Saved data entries
(* A face projection of minimal distance to [x] among those in the cone has
   nonnegative polar coefficients: otherwise moving along the [e k] whose
   coefficient is negative gets closer to [x] while staying in the cone. *)
Lemma sign_decomposition_exists : exists (I : {set 'I_n}) (alpha beta : 'I_n -> R),
  x = \sum_(i in I) alpha i *: e i + \sum_(j in ~: I) beta j *: u j /\
  (forall j, j \in ~: I -> 0 < beta j) /\ (forall i, i \in I -> 0 <= alpha i).
Proof.
have empty_feas : feasible set0.
  by apply/forallP => i; have [b [J0 _]] := face_coefP set0; rewrite J0 ?inE.
have [J0 J0_feas J0_min] := @arg_minP _ _ _ set0 feasible
  (fun J => sqdist (comb e (face_coef J))) empty_feas.
set a := face_coef J0 in J0_feas J0_min *.
have [b [Ja [Jb x_eq]]] := face_coefP J0; rewrite -/a in Ja x_eq.
have b_ge0 k : 0 <= b k.
  rewrite leNgt; apply/negP => bk_lt0.
  have ek_gt0 : 0 < dotv (e k) (e k) by rewrite dotvv_gt0 (e_neq0 hu).
  pose t := - b k / dotv (e k) (e k).
  have t_gt0 : 0 < t by rewrite divr_gt0 // oppr_gt0.
  have tE : t * dotv (e k) (e k) = - b k by rewrite /t divfK ?gt_eqF.
  have closer : sqdist (comb e a + t *: e k) < sqdist (comb e a).
    rewrite (sqdist_add_e _ _ x_eq) -[X in _ < X]addr0 -addrA ltrD2l.
    by rewrite expr2 -[t * t * _]mulrA tE; nra.
  have l_ge0 i : 0 <= a i + (if i == k then t else 0).
    by have := forallP J0_feas i; rewrite -/a; case: (i == k); lra.
  have [J J_feas J_le] := feasible_face_below l_ge0.
  have := le_lt_trans (le_trans (J0_min J J_feas) J_le).
  by rewrite comb_add_delta => /(_ _ closer); rewrite ltxx.
set I := J0 :|: [set k | b k == 0].
have Ia : supported_on I a by move=> i; rewrite inE negb_or => /andP [/Ja].
have Ib : supported_on (~: I) b.
  move=> j; rewrite in_setC negbK !inE => /orP [jJ0|/eqP //].
  by rewrite Jb // in_setC jJ0.
exists I, a, b; rewrite !comb_supported //; split=> //; split=> [j|i _].
  by rewrite in_setC inE negb_or inE => /andP [_ bj]; rewrite lt_def bj b_ge0.
exact: (forallP J0_feas).
Qed.

End SignDecomposition.

Theorem theorem2 (R : realType) (n : nat) (e u : 'I_n -> 'cV[R]_n)
    (x : 'cV[R]_n)
    (he : lin_indep e)
    (hu : forall i j : 'I_n, dotv (e j) (u i) = if j == i then -1 else 0) :
  let K := gen_cone e in
  let Kpol := polar K in
  (forall I : {set 'I_n}, exists alpha beta : 'I_n -> R,
      x = \sum_(i in I) alpha i *: e i + \sum_(j in ~: I) beta j *: u j) /\
  (exists! I : {set 'I_n}, exists alpha beta : 'I_n -> R,
      x = \sum_(i in I) alpha i *: e i + \sum_(j in ~: I) beta j *: u j /\
      (forall j, j \in ~: I -> 0 < beta j) /\
      (forall i, i \in I -> 0 <= alpha i)) /\
  (forall (I : {set 'I_n}) (alpha beta : 'I_n -> R),
      x = \sum_(i in I) alpha i *: e i + \sum_(j in ~: I) beta j *: u j ->
      (forall j, j \in ~: I -> 0 < beta j) ->
      (forall i, i \in I -> 0 <= alpha i) ->
      proj K x = \sum_(i in I) alpha i *: e i /\
      proj Kpol x = \sum_(j in ~: I) beta j *: u j).
Proof.
move=> K Kpol; split.
  move=> I; have [a [b [Ia [Ib ->]]]] := decomposition_exists hu he I x.
  by exists a, b; rewrite !comb_supported.
split; last first.
  move=> I alpha beta x_eq b_gt0 a_ge0.
  by apply: (proj_sign_decomposition hu x_eq _ a_ge0) => j /b_gt0/ltW.
have [I [alpha [beta [x_eq [b_gt0 a_ge0]]]]] := sign_decomposition_exists x hu he.
exists I; split; first by exists alpha, beta.
move=> I' [alpha' [beta' [x_eq' [b_gt0' a_ge0']]]].
exact: (sign_decomposition_unique hu x_eq b_gt0 a_ge0 x_eq' b_gt0' a_ge0').
Qed.
Lemma unit_cube_seq_compact (d : nat) :
  seq_compact (fun t : Rn d => forall j, Rle 0 (t j) /\ Rle (t j) 1).
Proof.
move=> t t01.
have cube_compact := @rV_compact R d (fun _ => `[0:R, 1]%classic)
  (fun _ => @segment_compact R 0 1).
have [v [v01 v_cluster]] :
    [set v : 'rV[R]_d | forall j, `[0:R, 1]%classic (v ord0 j)]
      `&` cluster ((fun k => \row_j t k j) @ \oo) !=set0.
  apply: cube_compact; exists O => // k _ j /=.
  have [? ?] := t01 k j; rewrite mxE in_itv /=; apply/andP; split; exact/RleP.
exists (fun j => v ord0 j); split.
  by move=> j; move: (v01 j); rewrite /= in_itv /= => /andP[/RleP ? /RleP ?].
move=> del N del_gt0.
have [] := v_cluster [set w | exists k : nat, (N <= k)%nat /\ w = \row_j t k j] (ball v del).
- by exists N => // k Nk /=; exists k.
- by apply: nbhsx_ballx; apply/RltP.
move=> w [[k [Nk ->]] w_ball]; exists k; split => // j.
by move: (w_ball.2 ord0 j); rewrite /ball /= mxE RabsE => /RltP.
Qed.

End UnitCube.

Lemma Rabs_lt_all_eq0 z : (forall e, 0 < e -> Rabs z < e) -> z = 0.
Proof.
move=> small; case: (Req_dec z 0) => // z_neq0.
have := small _ (Rabs_pos_lt z z_neq0); lra.
Qed.

Lemma Rabs_sum_sub_le k (a b : 'I_k -> R) del :
  (forall j, Rabs (a j - b j) < del) ->
  Rabs (\big[Rplus/0]_(j < k) a j - \big[Rplus/0]_(j < k) b j) <= INR k * del.
Proof.
elim: k a b => [|k IH] a b ab_close.
  by rewrite !big_ord0 /= Rminus_0_r Rabs_R0; lra.
rewrite !big_ord_recr S_INR /=.
have := IH (fun j => a (widen_ord (leqnSn k) j)) (fun j => b (widen_ord (leqnSn k) j))
  (fun j => ab_close _).
have := ab_close ord_max.
set A := \big[Rplus/0]_(j < k) _; set B := \big[Rplus/0]_(j < k) _ => h1 h2.
have := Rabs_triang (A - B) (a ord_max - b ord_max).
by replace (A - B + (a ord_max - b ord_max)) with (A + a ord_max - (B + b ord_max))
  by ring; lra.
Qed.

Section Sequences.
Context {a : nat}.

Lemma near_sym (x y : Rn a) e : Defs.near x y e -> Defs.near y x e.
Proof. by move=> xy j; rewrite Rabs_minus_sym. Qed.

Lemma near_trans (x y z : Rn a) e1 e2 :
  Defs.near x y e1 -> Defs.near y z e2 -> Defs.near x z (e1 + e2).
Proof.
move=> xy yz j; have /Rabs_def2 [? ?] := xy j; have /Rabs_def2 [? ?] := yz j.
apply: Rabs_def1; lra.
Qed.

Lemma near_all_eq (x y : Rn a) : (forall e, 0 < e -> Defs.near x y e) -> x = y.
Proof.
move=> close; apply: funext => j; apply: Rminus_diag_uniq.
by apply: Rabs_lt_all_eq0 => e e_gt0; exact: close.
Qed.

Lemma converges_inv_succ (u : nat -> Rn a) y :
  (forall k, Defs.near y (u k) (/ (INR k + 1))) -> converges u y.
Proof.
move=> u_close e e_gt0; have [N [invN_lt N_gt0]] := archimed_cor1 e e_gt0.
exists N => k Nk j; apply: Rlt_le_trans (u_close k j) _.
have N_le_k := le_INR N k (elimT leP Nk).
suff : / (INR k + 1) <= / INR N by lra.
apply: Rinv_le_contravar; [exact: lt_0_INR | lra].
Qed.

Lemma converges_cluster_point_eq (u : nat -> Rn a) y p :
  converges u y -> cluster_point u p -> p = y.
Proof.
move=> u_y p_cl; apply: near_all_eq => e e_gt0.
have [N u_close] := u_y (e / 2) ltac:(lra).
have [k [Nk p_close]] := p_cl (e / 2) N ltac:(lra).
have := near_trans p_close (near_sym (u_close k Nk)).
by replace (e / 2 + e / 2) with e by field.
Qed.

End Sequences.

Section Maps.
Context {a b : nat}.

Lemma cluster_point_continuous (h : Rn a -> Rn b) S u p :
  continuous_on h S -> (forall k, S (u k)) -> S p -> cluster_point u p ->
  cluster_point (fun k => h (u k)) (h p).
Proof.
move=> h_cont Su Sp p_cl eps N eps_gt0.
have [del [del_gt0 h_close]] := h_cont p Sp eps eps_gt0.
have [k [Nk p_close]] := p_cl del N del_gt0.
by exists k; split => //; exact: h_close.
Qed.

Assigned task: Copy out the range of lines above starting at the line with "have [] := v_cluster" and ending at the line with "Lemma near_sym (x", exactly and including both.

Task answer:
have [] := v_cluster [set w | exists k : nat, (N <= k)%nat /\ w = \row_j t k j] (ball v del).
- by exists N => // k Nk /=; exists k.
- by apply: nbhsx_ballx; apply/RltP.
move=> w [[k [Nk ->]] w_ball]; exists k; split => // j.
by move: (w_ball.2 ord0 j); rewrite /ball /= mxE RabsE => /RltP.
Qed.

End UnitCube.

Lemma Rabs_lt_all_eq0 z : (forall e, 0 < e -> Rabs z < e) -> z = 0.
Proof.
move=> small; case: (Req_dec z 0) => // z_neq0.
have := small _ (Rabs_pos_lt z z_neq0); lra.
Qed.

Lemma Rabs_sum_sub_le k (a b : 'I_k -> R) del :
  (forall j, Rabs (a j - b j) < del) ->
  Rabs (\big[Rplus/0]_(j < k) a j - \big[Rplus/0]_(j < k) b j) <= INR k * del.
Proof.
elim: k a b => [|k IH] a b ab_close.
  by rewrite !big_ord0 /= Rminus_0_r Rabs_R0; lra.
rewrite !big_ord_recr S_INR /=.
have := IH (fun j => a (widen_ord (leqnSn k) j)) (fun j => b (widen_ord (leqnSn k) j))
  (fun j => ab_close _).
have := ab_close ord_max.
set A := \big[Rplus/0]_(j < k) _; set B := \big[Rplus/0]_(j < k) _ => h1 h2.
have := Rabs_triang (A - B) (a ord_max - b ord_max).
by replace (A - B + (a ord_max - b ord_max)) with (A + a ord_max - (B + b ord_max))
  by ring; lra.
Qed.

Section Sequences.
Context {a : nat}.

Lemma near_sym (x y : Rn a) e : Defs.near x y e -> Defs.near y x e.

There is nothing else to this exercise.